===== Supplied records =====
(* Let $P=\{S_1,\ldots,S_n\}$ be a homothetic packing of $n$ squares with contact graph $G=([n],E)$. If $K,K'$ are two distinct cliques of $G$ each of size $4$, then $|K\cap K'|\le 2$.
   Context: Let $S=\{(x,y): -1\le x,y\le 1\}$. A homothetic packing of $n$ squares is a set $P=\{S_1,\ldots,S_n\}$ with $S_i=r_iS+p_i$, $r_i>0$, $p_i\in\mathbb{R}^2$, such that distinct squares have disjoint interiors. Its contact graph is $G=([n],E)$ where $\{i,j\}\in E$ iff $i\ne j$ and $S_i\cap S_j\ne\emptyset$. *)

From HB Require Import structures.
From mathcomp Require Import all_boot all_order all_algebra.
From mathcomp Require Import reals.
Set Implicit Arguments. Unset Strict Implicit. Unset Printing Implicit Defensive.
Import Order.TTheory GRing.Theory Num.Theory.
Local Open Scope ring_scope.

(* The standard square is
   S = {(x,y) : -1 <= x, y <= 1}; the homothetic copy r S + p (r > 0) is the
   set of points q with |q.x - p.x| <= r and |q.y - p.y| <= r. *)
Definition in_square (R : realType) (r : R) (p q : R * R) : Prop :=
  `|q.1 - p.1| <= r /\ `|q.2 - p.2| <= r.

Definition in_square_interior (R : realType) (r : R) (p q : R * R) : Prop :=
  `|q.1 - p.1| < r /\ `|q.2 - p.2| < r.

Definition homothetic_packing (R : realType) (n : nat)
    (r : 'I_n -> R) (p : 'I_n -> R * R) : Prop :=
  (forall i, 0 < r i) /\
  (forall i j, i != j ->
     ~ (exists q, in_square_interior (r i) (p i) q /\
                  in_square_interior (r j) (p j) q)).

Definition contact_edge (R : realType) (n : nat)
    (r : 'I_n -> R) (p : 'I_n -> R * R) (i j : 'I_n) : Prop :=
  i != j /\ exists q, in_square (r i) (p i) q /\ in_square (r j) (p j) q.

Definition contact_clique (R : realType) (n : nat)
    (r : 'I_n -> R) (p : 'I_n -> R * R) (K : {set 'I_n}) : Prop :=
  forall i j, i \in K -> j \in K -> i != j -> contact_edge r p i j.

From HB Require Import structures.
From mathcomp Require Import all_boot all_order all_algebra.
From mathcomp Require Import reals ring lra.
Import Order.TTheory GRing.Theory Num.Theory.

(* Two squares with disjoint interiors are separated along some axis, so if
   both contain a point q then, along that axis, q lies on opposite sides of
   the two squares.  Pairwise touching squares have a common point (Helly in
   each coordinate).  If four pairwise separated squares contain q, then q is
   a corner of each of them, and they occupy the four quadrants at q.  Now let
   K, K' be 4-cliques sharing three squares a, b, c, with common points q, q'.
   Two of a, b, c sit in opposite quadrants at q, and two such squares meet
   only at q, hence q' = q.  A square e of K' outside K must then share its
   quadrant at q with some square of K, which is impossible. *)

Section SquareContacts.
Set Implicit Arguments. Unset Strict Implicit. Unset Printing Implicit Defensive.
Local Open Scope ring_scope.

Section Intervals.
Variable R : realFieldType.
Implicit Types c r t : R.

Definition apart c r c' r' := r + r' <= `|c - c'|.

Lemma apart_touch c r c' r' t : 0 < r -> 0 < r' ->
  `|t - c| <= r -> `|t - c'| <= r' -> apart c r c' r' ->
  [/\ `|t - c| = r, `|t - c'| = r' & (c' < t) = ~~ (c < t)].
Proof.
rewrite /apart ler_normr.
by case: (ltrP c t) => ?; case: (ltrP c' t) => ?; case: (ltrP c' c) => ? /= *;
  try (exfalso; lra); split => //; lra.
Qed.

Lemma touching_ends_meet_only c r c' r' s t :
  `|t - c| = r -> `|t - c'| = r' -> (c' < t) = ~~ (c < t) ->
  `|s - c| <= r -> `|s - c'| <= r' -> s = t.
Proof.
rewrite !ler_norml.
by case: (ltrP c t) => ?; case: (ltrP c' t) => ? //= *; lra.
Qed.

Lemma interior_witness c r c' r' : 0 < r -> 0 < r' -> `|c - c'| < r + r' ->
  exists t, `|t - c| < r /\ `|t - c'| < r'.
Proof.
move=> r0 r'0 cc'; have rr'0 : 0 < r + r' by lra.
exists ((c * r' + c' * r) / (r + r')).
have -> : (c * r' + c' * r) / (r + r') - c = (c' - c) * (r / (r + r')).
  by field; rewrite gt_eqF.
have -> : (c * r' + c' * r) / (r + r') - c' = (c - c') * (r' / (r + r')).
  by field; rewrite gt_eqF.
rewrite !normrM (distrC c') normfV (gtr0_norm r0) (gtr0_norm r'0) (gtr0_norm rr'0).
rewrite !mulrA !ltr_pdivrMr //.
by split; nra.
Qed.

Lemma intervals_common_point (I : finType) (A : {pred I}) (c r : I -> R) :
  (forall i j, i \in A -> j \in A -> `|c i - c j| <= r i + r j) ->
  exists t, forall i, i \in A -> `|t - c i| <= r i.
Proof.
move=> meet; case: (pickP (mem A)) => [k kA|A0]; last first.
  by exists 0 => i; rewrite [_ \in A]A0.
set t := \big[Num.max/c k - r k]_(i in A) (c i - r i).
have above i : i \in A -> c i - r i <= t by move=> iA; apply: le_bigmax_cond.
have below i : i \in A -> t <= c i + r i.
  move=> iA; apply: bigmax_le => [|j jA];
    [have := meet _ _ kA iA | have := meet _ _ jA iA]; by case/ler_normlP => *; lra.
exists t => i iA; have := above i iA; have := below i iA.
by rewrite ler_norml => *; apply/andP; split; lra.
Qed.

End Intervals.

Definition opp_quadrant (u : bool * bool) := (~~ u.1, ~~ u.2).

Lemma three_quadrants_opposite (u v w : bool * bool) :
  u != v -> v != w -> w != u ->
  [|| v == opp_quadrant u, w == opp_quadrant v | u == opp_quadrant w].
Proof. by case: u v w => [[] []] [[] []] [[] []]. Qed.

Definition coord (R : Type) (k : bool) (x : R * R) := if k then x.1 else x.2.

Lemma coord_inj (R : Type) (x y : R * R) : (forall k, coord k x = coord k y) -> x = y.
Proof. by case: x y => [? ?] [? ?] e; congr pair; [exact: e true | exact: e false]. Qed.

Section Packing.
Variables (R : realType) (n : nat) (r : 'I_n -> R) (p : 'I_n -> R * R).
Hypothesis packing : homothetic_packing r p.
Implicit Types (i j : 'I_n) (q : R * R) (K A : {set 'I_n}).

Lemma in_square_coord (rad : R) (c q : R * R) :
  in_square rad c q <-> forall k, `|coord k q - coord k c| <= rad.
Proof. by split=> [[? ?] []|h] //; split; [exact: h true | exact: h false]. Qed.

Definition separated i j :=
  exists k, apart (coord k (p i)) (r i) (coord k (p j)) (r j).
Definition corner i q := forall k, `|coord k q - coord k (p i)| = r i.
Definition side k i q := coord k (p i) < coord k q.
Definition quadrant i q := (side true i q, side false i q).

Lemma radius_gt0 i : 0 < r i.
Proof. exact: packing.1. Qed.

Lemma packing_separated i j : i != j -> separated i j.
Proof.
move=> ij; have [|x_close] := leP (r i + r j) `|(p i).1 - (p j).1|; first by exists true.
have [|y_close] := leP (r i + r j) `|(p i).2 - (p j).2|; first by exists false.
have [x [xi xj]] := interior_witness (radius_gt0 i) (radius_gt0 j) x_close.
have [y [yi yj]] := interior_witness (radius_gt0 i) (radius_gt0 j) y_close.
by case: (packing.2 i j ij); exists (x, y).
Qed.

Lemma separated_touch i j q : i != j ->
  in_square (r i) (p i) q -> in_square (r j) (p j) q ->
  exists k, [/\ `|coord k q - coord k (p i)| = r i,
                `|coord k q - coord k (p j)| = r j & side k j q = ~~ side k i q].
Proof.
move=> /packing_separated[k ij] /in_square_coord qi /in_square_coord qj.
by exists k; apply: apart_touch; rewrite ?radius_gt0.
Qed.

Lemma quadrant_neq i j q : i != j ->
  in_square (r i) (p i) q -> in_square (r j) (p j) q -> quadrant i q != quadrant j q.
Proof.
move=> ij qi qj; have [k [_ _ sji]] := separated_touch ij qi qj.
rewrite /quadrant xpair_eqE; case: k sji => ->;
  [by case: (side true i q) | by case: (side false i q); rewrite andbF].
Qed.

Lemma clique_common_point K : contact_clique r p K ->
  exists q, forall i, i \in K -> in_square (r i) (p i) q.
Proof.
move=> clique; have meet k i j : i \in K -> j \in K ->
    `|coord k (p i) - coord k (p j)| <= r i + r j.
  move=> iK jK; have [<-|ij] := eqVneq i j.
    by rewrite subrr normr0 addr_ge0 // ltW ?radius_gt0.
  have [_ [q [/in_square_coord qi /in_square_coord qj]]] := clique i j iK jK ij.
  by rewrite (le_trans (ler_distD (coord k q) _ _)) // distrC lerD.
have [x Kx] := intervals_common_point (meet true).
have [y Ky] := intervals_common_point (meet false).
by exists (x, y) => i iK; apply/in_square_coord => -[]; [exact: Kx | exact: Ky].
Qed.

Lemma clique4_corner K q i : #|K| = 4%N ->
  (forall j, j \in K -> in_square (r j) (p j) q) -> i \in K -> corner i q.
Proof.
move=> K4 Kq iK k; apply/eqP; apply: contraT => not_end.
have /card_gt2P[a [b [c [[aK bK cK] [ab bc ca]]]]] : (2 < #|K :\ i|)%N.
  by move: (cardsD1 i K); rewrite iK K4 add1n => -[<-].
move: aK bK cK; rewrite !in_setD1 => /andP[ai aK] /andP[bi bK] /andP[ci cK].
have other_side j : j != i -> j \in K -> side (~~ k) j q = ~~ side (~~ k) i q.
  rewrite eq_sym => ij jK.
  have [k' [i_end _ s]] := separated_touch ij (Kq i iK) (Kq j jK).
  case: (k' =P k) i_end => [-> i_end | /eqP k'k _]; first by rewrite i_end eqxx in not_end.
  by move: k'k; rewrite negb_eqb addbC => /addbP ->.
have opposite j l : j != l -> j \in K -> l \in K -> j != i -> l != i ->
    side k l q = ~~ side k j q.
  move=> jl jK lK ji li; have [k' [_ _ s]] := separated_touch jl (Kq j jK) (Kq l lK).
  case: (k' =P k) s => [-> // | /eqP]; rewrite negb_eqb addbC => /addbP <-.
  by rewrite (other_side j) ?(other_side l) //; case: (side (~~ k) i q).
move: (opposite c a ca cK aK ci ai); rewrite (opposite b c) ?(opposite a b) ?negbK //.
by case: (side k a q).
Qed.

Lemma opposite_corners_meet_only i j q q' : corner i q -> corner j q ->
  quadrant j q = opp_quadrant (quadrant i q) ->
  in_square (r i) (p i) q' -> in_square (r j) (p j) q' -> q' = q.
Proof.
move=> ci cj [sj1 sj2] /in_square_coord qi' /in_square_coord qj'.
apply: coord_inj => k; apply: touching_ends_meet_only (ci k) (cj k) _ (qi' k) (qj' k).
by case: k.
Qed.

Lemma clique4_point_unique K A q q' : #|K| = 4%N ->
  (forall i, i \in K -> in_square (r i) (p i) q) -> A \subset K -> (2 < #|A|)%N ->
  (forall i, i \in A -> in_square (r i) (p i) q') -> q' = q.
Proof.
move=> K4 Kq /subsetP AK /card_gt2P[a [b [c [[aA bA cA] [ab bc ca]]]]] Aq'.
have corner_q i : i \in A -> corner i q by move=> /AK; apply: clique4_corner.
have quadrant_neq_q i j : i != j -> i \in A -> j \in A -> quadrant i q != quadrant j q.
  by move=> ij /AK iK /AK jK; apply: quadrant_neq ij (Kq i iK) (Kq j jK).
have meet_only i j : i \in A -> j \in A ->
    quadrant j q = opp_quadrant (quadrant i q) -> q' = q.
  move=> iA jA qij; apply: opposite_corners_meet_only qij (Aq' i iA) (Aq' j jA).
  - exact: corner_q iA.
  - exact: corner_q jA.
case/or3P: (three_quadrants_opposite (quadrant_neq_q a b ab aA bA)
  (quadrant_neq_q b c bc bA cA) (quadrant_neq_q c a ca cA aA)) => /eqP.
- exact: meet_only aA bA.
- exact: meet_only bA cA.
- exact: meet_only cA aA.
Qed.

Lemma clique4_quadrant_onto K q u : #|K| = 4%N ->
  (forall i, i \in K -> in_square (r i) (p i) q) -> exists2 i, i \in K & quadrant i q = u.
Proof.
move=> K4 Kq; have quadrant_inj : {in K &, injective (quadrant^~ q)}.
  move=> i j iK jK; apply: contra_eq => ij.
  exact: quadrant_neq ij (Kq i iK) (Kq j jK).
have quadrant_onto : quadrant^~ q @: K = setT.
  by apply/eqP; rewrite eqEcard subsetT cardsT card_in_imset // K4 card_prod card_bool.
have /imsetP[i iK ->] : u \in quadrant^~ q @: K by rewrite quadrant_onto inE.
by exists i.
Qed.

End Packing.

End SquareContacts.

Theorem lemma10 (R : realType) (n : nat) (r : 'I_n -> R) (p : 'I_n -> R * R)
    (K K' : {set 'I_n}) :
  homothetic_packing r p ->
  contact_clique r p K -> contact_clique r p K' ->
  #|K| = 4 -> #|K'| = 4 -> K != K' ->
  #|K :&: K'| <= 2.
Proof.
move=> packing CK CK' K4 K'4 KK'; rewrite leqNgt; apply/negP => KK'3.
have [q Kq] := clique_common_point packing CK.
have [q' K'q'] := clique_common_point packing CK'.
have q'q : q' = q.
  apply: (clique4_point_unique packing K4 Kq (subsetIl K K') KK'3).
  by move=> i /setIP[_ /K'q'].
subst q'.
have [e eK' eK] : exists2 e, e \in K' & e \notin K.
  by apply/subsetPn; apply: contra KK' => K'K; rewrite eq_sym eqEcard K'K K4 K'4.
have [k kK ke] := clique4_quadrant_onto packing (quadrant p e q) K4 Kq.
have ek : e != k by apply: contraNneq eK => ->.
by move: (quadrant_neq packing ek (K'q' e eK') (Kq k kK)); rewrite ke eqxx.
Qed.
=====
### Work required
Once you find the line with "q -> quadrant" above, print it and every line after it up to and including the line with "move: (opposite c", exactly as written and nothing else.

### Solution for this exercise
  in_square (r i) (p i) q -> in_square (r j) (p j) q -> quadrant i q != quadrant j q.
Proof.
move=> ij qi qj; have [k [_ _ sji]] := separated_touch ij qi qj.
rewrite /quadrant xpair_eqE; case: k sji => ->;
  [by case: (side true i q) | by case: (side false i q); rewrite andbF].
Qed.

Lemma clique_common_point K : contact_clique r p K ->
  exists q, forall i, i \in K -> in_square (r i) (p i) q.
Proof.
move=> clique; have meet k i j : i \in K -> j \in K ->
    `|coord k (p i) - coord k (p j)| <= r i + r j.
  move=> iK jK; have [<-|ij] := eqVneq i j.
    by rewrite subrr normr0 addr_ge0 // ltW ?radius_gt0.
  have [_ [q [/in_square_coord qi /in_square_coord qj]]] := clique i j iK jK ij.
  by rewrite (le_trans (ler_distD (coord k q) _ _)) // distrC lerD.
have [x Kx] := intervals_common_point (meet true).
have [y Ky] := intervals_common_point (meet false).
by exists (x, y) => i iK; apply/in_square_coord => -[]; [exact: Kx | exact: Ky].
Qed.

Lemma clique4_corner K q i : #|K| = 4%N ->
  (forall j, j \in K -> in_square (r j) (p j) q) -> i \in K -> corner i q.
Proof.
move=> K4 Kq iK k; apply/eqP; apply: contraT => not_end.
have /card_gt2P[a [b [c [[aK bK cK] [ab bc ca]]]]] : (2 < #|K :\ i|)%N.
  by move: (cardsD1 i K); rewrite iK K4 add1n => -[<-].
move: aK bK cK; rewrite !in_setD1 => /andP[ai aK] /andP[bi bK] /andP[ci cK].
have other_side j : j != i -> j \in K -> side (~~ k) j q = ~~ side (~~ k) i q.
  rewrite eq_sym => ij jK.
  have [k' [i_end _ s]] := separated_touch ij (Kq i iK) (Kq j jK).
  case: (k' =P k) i_end => [-> i_end | /eqP k'k _]; first by rewrite i_end eqxx in not_end.
  by move: k'k; rewrite negb_eqb addbC => /addbP ->.
have opposite j l : j != l -> j \in K -> l \in K -> j != i -> l != i ->
    side k l q = ~~ side k j q.
  move=> jl jK lK ji li; have [k' [_ _ s]] := separated_touch jl (Kq j jK) (Kq l lK).
  case: (k' =P k) s => [-> // | /eqP]; rewrite negb_eqb addbC => /addbP <-.
  by rewrite (other_side j) ?(other_side l) //; case: (side (~~ k) i q).
move: (opposite c a ca cK aK ci ai); rewrite (opposite b c) ?(opposite a b) ?negbK //.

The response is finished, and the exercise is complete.